Saved entries
= = =

(* Let $a<b$ and let $f:[a,b]\rightarrow\mathbb{R}$ be a twice continuously differentiable mapping in $(a,b)$ with $f''\in L^2[a,b]$. Then \[ \left|\frac{f\left(\frac{3a+b}{4}\right)+f\left(\frac{a+3b}{4}\right)}{2} -\frac{1}{b-a}\int_{a}^{b}f(t)\,dt\right|\leq \frac{(b-a)^{3/2}}{4\sqrt{3}\pi}\|f''\|_2. \]
   Context: $\|g\|_2=\left(\int_a^b g(t)^2\,dt\right)^{1/2}$. *)

From HB Require Import structures.
From mathcomp Require Import all_boot all_order all_algebra.
From mathcomp Require Import all_classical all_reals all_analysis.
Set Implicit Arguments. Unset Strict Implicit. Unset Printing Implicit Defensive.

From HB Require Import structures.
From mathcomp Require Import all_boot all_order all_algebra.
From mathcomp Require Import all_classical all_reals all_analysis.
From mathcomp Require Import ring lra measurable_realfun.
Import Order.TTheory GRing.Theory Num.Theory.
Import numFieldNormedType.Exports.
Local Open Scope classical_set_scope.
Local Open Scope ring_scope.

(* For c in (a, b), Cauchy-Schwarz gives |f'(s) - f'(c)| <= ||f''|| sqrt |s - c|,
   and AM-GM turns this into the polynomial majorant ||f''|| (|s - c| / k + k) / 2
   for any k > 0.  Integrating twice yields a Taylor estimate for f around each
   quarter point, hence an error bound for the midpoint rule on each half of [a, b].
   Optimizing k gives the constant (b - a)^(3/2) / (16 sqrt 3), which is below the
   claimed one because pi <= 4. *)

Section real_lemmas.
Context {R : realType}.
Local Notation mu := (@lebesgue_measure R).
Implicit Types (u v w : R) (g : R -> R).

Lemma normB_le_majorant (G P dG dP : R -> R) u v : u <= v ->
  (forall x, x \in `]u, v[ -> is_derive x 1 G (dG x)) ->
  (forall x, x \in `]u, v[ -> is_derive x 1 P (dP x)) ->
  {within `[u, v], continuous G} -> {within `[u, v], continuous P} ->
  {in `]u, v[, forall x, `|dG x| <= dP x} ->
  `|G v - G u| <= P v - P u.
Proof.
move=> uv dG' dP' cG cP dGP.
have nondecr (S dS : R -> R) : (forall x, x \in `]u, v[ -> is_derive x 1 S (dS x)) ->
    {within `[u, v], continuous S} -> {in `]u, v[, forall x, 0 <= dS x} ->
    S u <= S v.
  move=> dS' cS dS0; apply: (ger0_derive1_le_cc _ _ cS) => //.
  - by move=> x /dS'/@ex_derive.
  - by move=> x xuv; have := dS' x xuv; rewrite derive1E => -[_ ->]; exact: dS0.
  - by rewrite in_itv/= lexx uv.
  - by rewrite in_itv/= lexx uv.
have dGP' x : x \in `]u, v[ -> - dP x <= dG x <= dP x by move=> /dGP; rewrite ler_norml.
have PG : P u - G u <= P v - G v.
  apply: (@nondecr (P - G) (dP - dG)).
  - by move=> x xuv; exact: (is_deriveB (dP' x xuv) (dG' x xuv)).
  - by move=> x; exact: (continuousB (cP x) (cG x)).
  - by move=> x /dGP' /andP[_]; rewrite /= subr_ge0.
have PG' : P u + G u <= P v + G v.
  apply: (@nondecr (P + G) (dP + dG)).
  - by move=> x xuv; exact: (is_deriveD (dP' x xuv) (dG' x xuv)).
  - by move=> x; exact: (continuousD (cP x) (cG x)).
  - by move=> x /dGP' /andP[]; rewrite /= -subr_ge0 opprK addrC.
by rewrite ler_norml; apply/andP; split; lra.
Qed.

Lemma Rintegral_derive1 (F g : R -> R) u v : u < v ->
  {in `[u, v], forall x, derivable F x 1} -> {within `[u, v], continuous g} ->
  {in `]u, v[, derive1 F =1 g} ->
  \int[mu]_(x in `[u, v]) g x = F v - F u.
Proof.
move=> uv dF cg Fg; rewrite /Rintegral (@continuous_FTC2 _ _ F _ _ uv cg) //.
have [cFu cFv] : {for u, continuous F} /\ {for v, continuous F}.
  by split; apply/differentiable_continuous/derivable1_diffP/dF;
    rewrite in_itv/= lexx ltW.
split.
- by move=> x xuv; apply: dF; apply: subset_itv_oo_cc.
- exact: cvg_at_right_filter.
- exact: cvg_at_left_filter.
Qed.

Lemma within_continuous_quadratic (al be ga c : R) (A : set R) :
  {within A, continuous (fun x => al * (x - c) ^+ 2 + be * (x - c) + ga)}.
Proof.
by apply: continuous_subspaceT => x; exact/differentiable_continuous/derivable1_diffP.
Qed.

Lemma Rintegral_quadratic (al be ga c u v : R) : u < v ->
  \int[mu]_(x in `[u, v]) (al * (x - c) ^+ 2 + be * (x - c) + ga) =
  al / 3 * ((v - c) ^+ 3 - (u - c) ^+ 3) + be / 2 * ((v - c) ^+ 2 - (u - c) ^+ 2)
  + ga * (v - u).
Proof.
move=> uv; pose F s := al / 3 * (s - c) ^+ 3 + be / 2 * (s - c) ^+ 2 + ga * s.
have dF (s : R) : is_derive s 1 F (al * (s - c) ^+ 2 + be * (s - c) + ga).
  by apply: is_derive_eq; rewrite /GRing.scale/=; field.
rewrite (@Rintegral_derive1 F (fun x => al * (x - c) ^+ 2 + be * (x - c) + ga))//.
- by rewrite /F; ring.
- exact: within_continuous_quadratic.
- by move=> s _; rewrite derive1E; have [_ ->] := dF s.
Qed.

Lemma Rintegral_itv_split g u w v : u <= w <= v ->
  mu.-integrable `[u, v] (EFin \o g) ->
  \int[mu]_(x in `[u, v]) g x =
  \int[mu]_(x in `[u, w]) g x + \int[mu]_(x in `[w, v]) g x.
Proof.
move=> /andP[uw wv] ig.
have := @Rintegral_itvB R g (BLeft u) (BRight v) w ig.
rewrite !bnd_simp => /(_ uw wv); rewrite Rintegral_itv_obnd_cbnd.
  by move=> <-; ring.
by apply: integrableS ig => //; apply: subset_itv; rewrite bnd_simp.
Qed.

Lemma sqr_Rintegral_le g u v : u < v -> {within `[u, v], continuous g} ->
  (\int[mu]_(x in `[u, v]) g x) ^+ 2 <=
  (v - u) * \int[mu]_(x in `[u, v]) g x ^+ 2.
Proof.
move=> uv cg; set A := \int[mu]_(x in _) g x; set B := \int[mu]_(x in _) _.
have vu0 : 0 < v - u by rewrite subr_gt0.
have ic (h : R -> R) : {within `[u, v], continuous h} ->
    mu.-integrable `[u, v] (EFin \o h).
  by move=> ch; apply: continuous_compact_integrable => //; exact: segment_compact.
have cst (r : R) : {within `[u, v], continuous (fun _ : R => r)}.
  by move=> x; exact: cvg_cst.
have cM (h k : R -> R) : {within `[u, v], continuous h} ->
    {within `[u, v], continuous k} -> {within `[u, v], continuous (h \* k)}.
  by move=> ch ck x; exact: (continuousM (ch x) (ck x)).
pose m := A / (v - u).
have muE : fine (mu `[u, v]) = v - u by rewrite lebesgue_measure_itv/= lte_fin uv.
(* the variance of g about its mean m is nonnegative *)
have : 0 <= \int[mu]_(x in `[u, v]) (g x - m) ^+ 2.
  by apply: Rintegral_ge0 => x _; exact: sqr_ge0.
have -> : \int[mu]_(x in `[u, v]) (g x - m) ^+ 2 = B - 2 * m * A + m ^+ 2 * (v - u).
  have -> : (fun x => (g x - m) ^+ 2) = (fun x => g x ^+ 2 + (- (2 * m) * g x + m ^+ 2)).
    by apply: funext => x; ring.
  have cg2 : {within `[u, v], continuous (fun x => g x ^+ 2)} by exact: cM.
  have cgm : {within `[u, v], continuous (fun x => - (2 * m) * g x)} by exact: cM.
  rewrite RintegralD// ?RintegralD// ?RintegralZl// ?Rintegral_cst//;
    [|exact: ic..|by apply: ic => x; exact: (continuousD (cgm x) (cst _ x))].
  by rewrite -/B -/A muE /m; field; rewrite gt_eqF.
move=> h; rewrite -subr_ge0.
have -> : (v - u) * B - A ^+ 2 = (v - u) * (B - 2 * m * A + m ^+ 2 * (v - u)).
  by rewrite /m; field; rewrite gt_eqF.
exact: mulr_ge0 (ltW vu0) h.
Qed.

Lemma normr_RintegralB_le (F P Q : R -> R) u v : u <= v ->
  mu.-integrable `[u, v] (EFin \o F) ->
  {within `[u, v], continuous P} -> {within `[u, v], continuous Q} ->
  {in `]u, v[, forall x, `|F x - P x| <= Q x} ->
  `|\int[mu]_(x in `[u, v]) F x - \int[mu]_(x in `[u, v]) P x|
    <= \int[mu]_(x in `[u, v]) Q x.
Proof.
move=> uv iF cP cQ FPQ.
have ic h : {within `[u, v], continuous h} -> mu.-integrable `[u, v] (EFin \o h).
  by move=> ch; apply: continuous_compact_integrable => //; exact: segment_compact.
have sub : `]u, v[ `<=` `[u, v] by apply: subset_itv; rewrite bnd_simp.
have iFP : mu.-integrable `]u, v[ (EFin \o (F \- P)).
  by apply: integrableS (integrableB _ iF (ic _ cP)).
have iQ : mu.-integrable `]u, v[ (EFin \o Q) by apply: integrableS (ic _ cQ).
(* the endpoints are negligible, so the estimate on the open interval suffices *)
have oo h : mu.-integrable `]u, v[ (EFin \o h) ->
    \int[mu]_(x in `[u, v]) h x = \int[mu]_(x in `]u, v[) h x.
  move=> /integrableP[/measurable_EFinP mh _]; congr fine.
  by rewrite (@integral_itv_bndoo R u v (EFin \o h) true false)//; exact/measurable_EFinP.
rewrite -RintegralB// ?ic// (oo (F \- P))// (oo Q)//.
apply: le_trans (le_normr_Rintegral _ iFP) _ => //.
by apply: le_Rintegral => //; exact: integrable_norm.
Qed.

Lemma le_amgm_of_sqr_le (y t N k : R) : 0 < k -> 0 <= N -> 0 <= t -> 0 <= y ->
  y ^+ 2 <= t * N ^+ 2 -> y <= N * (t / k + k) / 2.
Proof.
move=> k0 N0 t0 y0 yt.
have B0 : 0 <= N * (t / k + k) / 2 by rewrite divr_ge0// mulr_ge0// addr_ge0 ?divr_ge0// ltW.
rewrite -(ler_pXn2r (n := 2)) ?nnegrE//; apply: le_trans yt _.
have -> : (N * (t / k + k) / 2) ^+ 2 = t * N ^+ 2 + N ^+ 2 * (t / k - k) ^+ 2 / 4.
  by field; rewrite gt_eqF.
by rewrite lerDl divr_ge0// mulr_ge0// sqr_ge0.
Qed.

Lemma powR_3half u : 0 <= u -> u `^ (3 / 2) = u * Num.sqrt u.
Proof.
move=> u0; rewrite (_ : 3 / 2 = 1 + 2^-1); last by field.
rewrite powRD ?powRr1 ?powR12_sqrt// gt_eqF// ltr_wpDr// ?invr_ge0//.
Qed.

End real_lemmas.

Lemma Rintegral_le_subset {d} {T : measurableType d} {R : realType}
    (mu : {measure set T -> \bar R}) (D E : set T) (h : T -> R) :
  measurable D -> measurable E -> D `<=` E -> measurable_fun E h ->
  (forall x, E x -> 0 <= h x) -> (\int[mu]_(x in E) (h x)%:E < +oo)%E ->
  \int[mu]_(x in D) h x <= \int[mu]_(x in E) h x.
Proof.
move=> mD mE DE mh h0 fin.
have h0' x : E x -> (0 <= (h x)%:E)%E by move=> /h0; rewrite lee_fin.
have le : (\int[mu]_(x in D) (h x)%:E <= \int[mu]_(x in E) (h x)%:E)%E.
  by apply: ge0_subset_integral => //; exact/measurable_EFinP.
rewrite /Rintegral fine_le//.
- rewrite ge0_fin_numE ?(le_lt_trans le fin)//.
  by apply: integral_ge0 => x /DE; exact: h0'.
- by rewrite ge0_fin_numE//; exact: integral_ge0.
Qed.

= = =

WORK REQUIRED
Retype the portion of the data above that starts on the line with "have vu0 : 0 < v - u by rewrite subr_gt0." and finishes on the line with "continuous (fun x => g", including both of those lines.

RESPONSE TO THE EXERCISE
have vu0 : 0 < v - u by rewrite subr_gt0.
have ic (h : R -> R) : {within `[u, v], continuous h} ->
    mu.-integrable `[u, v] (EFin \o h).
  by move=> ch; apply: continuous_compact_integrable => //; exact: segment_compact.
have cst (r : R) : {within `[u, v], continuous (fun _ : R => r)}.
  by move=> x; exact: cvg_cst.
have cM (h k : R -> R) : {within `[u, v], continuous h} ->
    {within `[u, v], continuous k} -> {within `[u, v], continuous (h \* k)}.
  by move=> ch ck x; exact: (continuousM (ch x) (ck x)).
pose m := A / (v - u).
have muE : fine (mu `[u, v]) = v - u by rewrite lebesgue_measure_itv/= lte_fin uv.
(* the variance of g about its mean m is nonnegative *)
have : 0 <= \int[mu]_(x in `[u, v]) (g x - m) ^+ 2.
  by apply: Rintegral_ge0 => x _; exact: sqr_ge0.
have -> : \int[mu]_(x in `[u, v]) (g x - m) ^+ 2 = B - 2 * m * A + m ^+ 2 * (v - u).
  have -> : (fun x => (g x - m) ^+ 2) = (fun x => g x ^+ 2 + (- (2 * m) * g x + m ^+ 2)).
    by apply: funext => x; ring.
  have cg2 : {within `[u, v], continuous (fun x => g x ^+ 2)} by exact: cM.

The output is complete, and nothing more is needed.